**PROBLEM DETAILS:**
Please set down exactly the lines of the listing below from the line containing "convergent rational series" through the line containing "have -> : (fun", both lines included, leaving out all other lines.
Content starts
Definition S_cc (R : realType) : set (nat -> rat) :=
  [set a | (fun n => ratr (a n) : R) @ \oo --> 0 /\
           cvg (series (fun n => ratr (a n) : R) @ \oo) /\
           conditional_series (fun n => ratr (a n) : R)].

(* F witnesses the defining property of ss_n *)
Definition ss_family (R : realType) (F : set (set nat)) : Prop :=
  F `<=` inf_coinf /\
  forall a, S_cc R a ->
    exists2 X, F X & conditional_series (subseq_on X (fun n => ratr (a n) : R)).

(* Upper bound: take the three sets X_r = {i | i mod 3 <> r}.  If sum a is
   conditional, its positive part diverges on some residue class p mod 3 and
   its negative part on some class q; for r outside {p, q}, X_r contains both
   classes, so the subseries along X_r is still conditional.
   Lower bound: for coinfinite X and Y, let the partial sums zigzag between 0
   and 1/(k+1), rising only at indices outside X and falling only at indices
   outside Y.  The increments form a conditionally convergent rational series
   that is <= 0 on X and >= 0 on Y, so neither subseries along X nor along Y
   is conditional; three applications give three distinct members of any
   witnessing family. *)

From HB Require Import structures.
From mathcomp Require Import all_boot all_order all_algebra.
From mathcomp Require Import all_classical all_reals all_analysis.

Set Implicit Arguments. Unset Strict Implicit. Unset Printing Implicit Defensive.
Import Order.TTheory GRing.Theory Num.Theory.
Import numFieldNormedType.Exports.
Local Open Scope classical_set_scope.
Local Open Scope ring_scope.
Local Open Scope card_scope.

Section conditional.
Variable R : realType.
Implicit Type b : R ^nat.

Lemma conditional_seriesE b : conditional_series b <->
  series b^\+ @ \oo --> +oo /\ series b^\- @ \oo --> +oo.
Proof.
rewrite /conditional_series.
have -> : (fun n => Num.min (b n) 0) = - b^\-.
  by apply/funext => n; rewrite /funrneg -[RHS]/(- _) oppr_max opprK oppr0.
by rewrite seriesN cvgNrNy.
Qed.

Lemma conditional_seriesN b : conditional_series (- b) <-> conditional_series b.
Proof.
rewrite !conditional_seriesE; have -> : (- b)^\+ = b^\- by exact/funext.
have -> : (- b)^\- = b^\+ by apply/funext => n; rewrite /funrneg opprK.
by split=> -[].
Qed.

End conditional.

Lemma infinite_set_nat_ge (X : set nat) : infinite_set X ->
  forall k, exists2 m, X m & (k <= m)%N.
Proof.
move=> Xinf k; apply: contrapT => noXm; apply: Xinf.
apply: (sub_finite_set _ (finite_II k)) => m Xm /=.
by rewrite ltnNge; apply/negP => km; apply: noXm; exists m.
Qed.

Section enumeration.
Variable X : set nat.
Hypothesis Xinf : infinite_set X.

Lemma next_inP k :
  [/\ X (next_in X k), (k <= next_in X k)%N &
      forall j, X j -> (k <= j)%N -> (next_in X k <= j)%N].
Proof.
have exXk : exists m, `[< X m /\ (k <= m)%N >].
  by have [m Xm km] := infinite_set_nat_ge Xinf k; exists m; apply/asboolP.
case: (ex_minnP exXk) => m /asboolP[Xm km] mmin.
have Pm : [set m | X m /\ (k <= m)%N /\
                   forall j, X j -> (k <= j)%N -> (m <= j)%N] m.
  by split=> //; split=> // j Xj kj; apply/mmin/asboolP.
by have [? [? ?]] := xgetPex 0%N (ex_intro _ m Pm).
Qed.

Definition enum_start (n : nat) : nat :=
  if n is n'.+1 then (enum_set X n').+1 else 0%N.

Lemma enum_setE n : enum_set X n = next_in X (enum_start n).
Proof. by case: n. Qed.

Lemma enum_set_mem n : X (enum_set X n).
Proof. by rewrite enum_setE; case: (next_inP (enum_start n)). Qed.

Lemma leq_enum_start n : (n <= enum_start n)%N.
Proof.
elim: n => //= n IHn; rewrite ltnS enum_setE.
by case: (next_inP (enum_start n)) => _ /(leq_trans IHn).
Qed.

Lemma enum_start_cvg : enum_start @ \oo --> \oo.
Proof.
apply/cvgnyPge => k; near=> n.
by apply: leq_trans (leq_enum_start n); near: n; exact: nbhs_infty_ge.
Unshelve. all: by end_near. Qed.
Content ends
**WRITTEN ANSWER:**
   outside Y.  The increments form a conditionally convergent rational series
   that is <= 0 on X and >= 0 on Y, so neither subseries along X nor along Y
   is conditional; three applications give three distinct members of any
   witnessing family. *)

From HB Require Import structures.
From mathcomp Require Import all_boot all_order all_algebra.
From mathcomp Require Import all_classical all_reals all_analysis.

Set Implicit Arguments. Unset Strict Implicit. Unset Printing Implicit Defensive.
Import Order.TTheory GRing.Theory Num.Theory.
Import numFieldNormedType.Exports.
Local Open Scope classical_set_scope.
Local Open Scope ring_scope.
Local Open Scope card_scope.

Section conditional.
Variable R : realType.
Implicit Type b : R ^nat.

Lemma conditional_seriesE b : conditional_series b <->
  series b^\+ @ \oo --> +oo /\ series b^\- @ \oo --> +oo.
Proof.
rewrite /conditional_series.
have -> : (fun n => Num.min (b n) 0) = - b^\-.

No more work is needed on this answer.